Cholelithiasis (gallstones in the gallbladder) is estimated to affect between 10 percent and 15 percent of the U.S. population, with one million new diagnoses yearly. Researchers conducted this study to determine the effect of estrogen therapy in postmenopausal women on gallbladder disease outcomes.

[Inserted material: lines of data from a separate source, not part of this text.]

(* Let $A[0..m-1]$ and $B[0..n-1]$ be arrays sorted with respect to a total preorder $\leq$ on keys, and let $p\geq 1$ processing elements with shared access to $A$, $B$ and an output array $C[0..m+n-1]$ execute the parallel merge algorithm described in the context. Then afterwards $C=\mathsf{stable\_merge}(A,B,\leq)$ (the merge is stable), the number of elements merged by each processing element is at most $\lceil (m+n)/p\rceil$, and the total time complexity is $\mathcal{O}\!\left(\frac{n+m}{p}+\log\min(m,n)\right)$.
   Context: $\mathsf{stable\_merge}(X,Y,\leq)$ is the sorted merge of $X$ and $Y$ preserving the relative order within each array and placing elements of $X$ before equal-keyed elements of $Y$; a sequential stable merge of arrays of lengths $a,b$ running in $\mathcal{O}(a+b)$ time is assumed available. For $0\le i\le m+n$, the co-ranks of $i$ are the unique $(j,k)$ with $0\le j\le m$, $0\le k\le n$, $j+k=i$, ($j=0$ or $A[j-1]\leq B[k]$) and ($k=0$ or $B[k-1]<A[j]$) (with sentinels $A[m]=B[n]=+\infty$); they are computed by the procedure $\mathsf{co\_rank}$: set $j\gets\min(i,m)$, $k\gets i-j$, $j_{\rm low}\gets\max(0,i-n)$; repeat: if $j>0$, $k<n$ and $A[j-1]>B[k]$ then $\delta\gets\lceil (j-j_{\rm low})/2\rceil$, $k_{\rm low}\gets k$, $j\gets j-\delta$, $k\gets k+\delta$; else if $k>0$, $j<m$ and $B[k-1]\geq A[j]$ then $\delta\gets\lceil (k-k_{\rm low})/2\rceil$, $j_{\rm low}\gets j$, $j\gets j+\delta$, $k\gets k-\delta$; else stop and return $(j,k)$. Parallel merge algorithm: processing element $r$, $0\le r<p$, independently computes $i_r=\lfloor r(m+n)/p\rfloor$ and $i_{r+1}=\lfloor (r+1)(m+n)/p\rfloor$, computes $(j_r,k_r)=\mathsf{co\_rank}(i_r,A,m,B,n,\leq)$ and $(j_{r+1},k_{r+1})=\mathsf{co\_rank}(i_{r+1},A,m,B,n,\leq)$, and then sequentially stably merges $A[j_r,\ldots,j_{r+1}-1]$ and $B[k_r,\ldots,k_{r+1}-1]$ into $C[i_r,\ldots,i_{r+1}-1]$. *)

From mathcomp Require Import all_boot.
Set Implicit Arguments.
Unset Strict Implicit.
Unset Printing Implicit Defensive.

(* Arrays are sequences [seq T]; indices are 0-based.
   Keys are compared by a relation [le : rel T] (assumed in the theorem to be
   a total preorder).  [x0] is an arbitrary default element used for [nth]
   (only ever read at in-range indices). *)

(* The stable merge of X and Y: MathComp's [path.merge], which takes the head
   of X whenever it is <= the head of Y, i.e. X-elements go before
   equal-keyed Y-elements. *)
Definition stable_merge (T : Type) (le : rel T) (X Y : seq T) : seq T :=
  merge le X Y.

Definition slice (T : Type) (X : seq T) (a b : nat) : seq T :=
  take (b - a) (drop a X).

Fixpoint co_rank_loop (T : Type) (le : rel T) (x0 : T) (A B : seq T)
    (fuel j k jlow klow steps : nat) {struct fuel} : nat * nat * nat :=
  match fuel with
  | 0 => (j, k, steps)
  | fuel'.+1 =>
    let m := size A in let n := size B in
    if [&& 0 < j, k < n & ~~ le (nth x0 A j.-1) (nth x0 B k)] then
      let delta := (j - jlow).+1 %/ 2 in
      co_rank_loop le x0 A B fuel' (j - delta) (k + delta) jlow k steps.+1
    else if [&& 0 < k, j < m & le (nth x0 A j) (nth x0 B k.-1)] then
      let delta := (k - klow).+1 %/ 2 in
      co_rank_loop le x0 A B fuel' (j + delta) (k - delta) j klow steps.+1
    else (j, k, steps.+1)
  end.

(* co_rank(i, A, m, B, n, <=): j = min(i,m), k = i - j,
   j_low = max(0, i-n), k_low = max(0, i-m).  Fuel m+n+1 is a generous bound
   (the loop provably stops far earlier). *)
Definition co_rank_run (T : Type) (le : rel T) (x0 : T) (A B : seq T)
    (i : nat) : nat * nat * nat :=
  let m := size A in let n := size B in
  co_rank_loop le x0 A B (m + n).+1 (minn i m) (i - minn i m) (i - n) (i - m) 0.

Definition co_rank (T : Type) (le : rel T) (x0 : T) (A B : seq T) (i : nat)
  : nat * nat := (co_rank_run le x0 A B i).1.
Definition co_rank_steps (T : Type) (le : rel T) (x0 : T) (A B : seq T)
    (i : nat) : nat := (co_rank_run le x0 A B i).2.

Definition split_index (m n p r : nat) : nat := (r * (m + n)) %/ p.

Section PE.
Variables (T : Type) (le : rel T) (x0 : T) (A B : seq T) (p : nat).

Definition ir (r : nat) : nat := split_index (size A) (size B) p r.
Definition jr (r : nat) : nat := (co_rank le x0 A B (ir r)).1.
Definition kr (r : nat) : nat := (co_rank le x0 A B (ir r)).2.

Definition pe_output (r : nat) : seq T :=
  stable_merge le (slice A (jr r) (jr r.+1)) (slice B (kr r) (kr r.+1)).

Definition pe_count (r : nat) : nat :=
  (jr r.+1 - jr r) + (kr r.+1 - kr r).

(* Time of processing element r (unit-cost model): O(1) for computing the
   split indices, one unit per co_rank loop iteration, and a + b for the
   sequential merge of lengths a, b. *)
Definition pe_time (r : nat) : nat :=
  1 + co_rank_steps le x0 A B (ir r) + co_rank_steps le x0 A B (ir r.+1)
    + pe_count r.

Definition par_time : nat := \max_(r < p) pe_time r.
End PE.

Definition write_block (T : Type) (x0 : T) (C : seq T) (i : nat) (s : seq T)
  : seq T :=
  [seq if (i <= q) && (q < i + size s) then nth x0 s (q - i) else nth x0 C q
  | q <- iota 0 (size C)].

(* Final content of the shared output array C, initially C0, after every
   processing element r < p has written its output to C[i_r ..]. *)
Definition parallel_merge_result (T : Type) (le : rel T) (x0 : T)
    (A B : seq T) (p : nat) (C0 : seq T) : seq T :=
  foldl (fun C r => write_block x0 C (ir A B p r) (pe_output le x0 A B p r))
    C0 (iota 0 p).

From mathcomp Require Import all_boot zify.
Set Implicit Arguments.
Unset Strict Implicit.
Unset Printing Implicit Defensive.

(* The co-ranks (j, k) of i cut A and B so that the stable merge splits as
   merge A B = merge A[0..j) B[0..k) ++ merge A[j..) B[k..), and co-ranks are
   monotone in i.  Hence processing element r merges exactly the block
   C[i_r .. i_(r+1)) of the stable merge, which has at most ceil((m+n)/p)
   elements.
   On the search interval [max(0, i-n), min(i, m)] the set of j with
   "B[i-j-1] >= A[j]" (j too small) is downward closed, so there is a unique
   split point where neither branch of the co_rank loop fires.  The loop keeps
   it inside [j_low, i - k_low] while halving the distance from j to both ends,
   so it stops there after at most log2 min(m, n) + 3 iterations. *)

Section CoRankConditions.
Variables (T : Type) (le : rel T) (x0 : T).

(* [A[j-1] <= B[k]] and [B[k-1] < A[j]], vacuous at the boundary: this
   encodes the sentinels [A[m] = B[n] = +oo] of the co-rank conditions. *)
Definition le_at (A B : seq T) j k :=
  (0 < j) ==> (k < size B) ==> le (nth x0 A j.-1) (nth x0 B k).
Definition lt_at (A B : seq T) j k :=
  (0 < k) ==> (j < size A) ==> ~~ le (nth x0 A j) (nth x0 B k.-1).

Definition is_co_rank (A B : seq T) j k :=
  [&& j <= size A, k <= size B, le_at A B j k & lt_at A B j k].

Lemma is_co_rank_consl x A B j k :
  is_co_rank (x :: A) B j.+1 k -> is_co_rank A B j k.
Proof.
rewrite /is_co_rank /le_at /lt_at; case: j => [|j] //=.
by case/and3P=> -> _; apply.
Qed.

Lemma is_co_rank_consr y A B j k :
  is_co_rank A (y :: B) j k.+1 -> is_co_rank A B j k.
Proof.
rewrite /is_co_rank /le_at /lt_at; case: k => [|k] //=.
by case/and3P=> -> + _; rewrite andbT; apply.
Qed.

Lemma is_co_rank_drop A B j1 k1 j2 k2 : j1 <= j2 -> k1 <= k2 ->
  is_co_rank A B j2 k2 -> is_co_rank (drop j1 A) (drop k1 B) (j2 - j1) (k2 - k1).
Proof.
move=> j12 k12 /and4P[j2A k2B le2 lt2].
rewrite /is_co_rank /le_at /lt_at !size_drop !nth_drop !subnKC //.
apply/and4P; split; [lia | lia | apply/implyP => j0 | apply/implyP => k0].
  have -> : j1 + (j2 - j1).-1 = j2.-1 by lia.
  by apply/implyP => kB; apply: (implyP (implyP le2 _)); lia.
have -> : k1 + (k2 - k1).-1 = k2.-1 by lia.
by apply/implyP => jA; apply: (implyP (implyP lt2 _)); lia.
Qed.

Hypotheses (le_total : total le) (le_trans : transitive le).

Lemma le_refl : reflexive le.
Proof. by move=> x; case/orP: (le_total x x). Qed.

Lemma sorted_le_nth (s : seq T) a b : sorted le s -> a <= b -> b < size s ->
  le (nth x0 s a) (nth x0 s b).
Proof.
move=> s_sorted ab b_lt; apply: (sorted_leq_nth le_trans le_refl) => //.
by rewrite inE (leq_ltn_trans ab).
Qed.

Lemma merges0 s : merge le s [::] = s.
Proof. by case: s. Qed.

Lemma merge_cons x y s t : merge le (x :: s) (y :: t) =
  if le x y then x :: merge le s (y :: t) else y :: merge le (x :: s) t.
Proof. by []. Qed.

Lemma merge_take_drop (A B : seq T) j k : sorted le A -> sorted le B ->
  is_co_rank A B j k ->
  merge le A B = merge le (take j A) (take k B) ++ merge le (drop j A) (drop k B).
Proof.
elim: A B j k => [|x A IHA] B j k sA sB; first by rewrite /= cat_take_drop.
elim: B j k sB => [|y B IHB] j k sB crk; first by rewrite !merges0 cat_take_drop.
have sA' := path_sorted sA; have sB' := path_sorted sB.
case: j k crk => [|j] [|k] crk; rewrite ?take0 ?drop0 ?take_cons ?drop_cons //.
- have /negbTE nle_xy : ~~ le x y.
    case/and4P: crk => _ kB _; rewrite /lt_at /=; apply: contra => le_xy.
    by apply: le_trans le_xy _; rewrite -[y]/(nth x0 (y :: B) 0) sorted_le_nth.
  by rewrite merge_cons nle_xy (IHB 0 k sB' (is_co_rank_consr crk)).
- have le_xy : le x y.
    case/and4P: crk => jA _; rewrite /le_at /= => le_Aj_y _.
    by apply: le_trans le_Aj_y; rewrite -[x]/(nth x0 (x :: A) 0) sorted_le_nth.
  by rewrite merge_cons le_xy (IHA (y :: B) j 0 sA' sB (is_co_rank_consl crk))
             take0 drop0 !merges0.
- rewrite !merge_cons; case: ifP => _.
  + by rewrite (IHA (y :: B) j k.+1 sA' sB (is_co_rank_consl crk)).
  + by rewrite (IHB j.+1 k sB' (is_co_rank_consr crk)).
Qed.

The researchers found that both trials showed greater risk of any gallbladder disease or surgery with estrogen: 67 percent increased risk with use of CEE; 59 percent increased risk with use of E + P. Both trials indicated a higher risk for cholecystitis (inflammation of the gallbladder): 80 percent increased risk with CEE; 54 percent increased risk with E + P; and for cholelithiasis, a 86 percent greater risk with CEE; a 68 percent increased risk for estrogen users.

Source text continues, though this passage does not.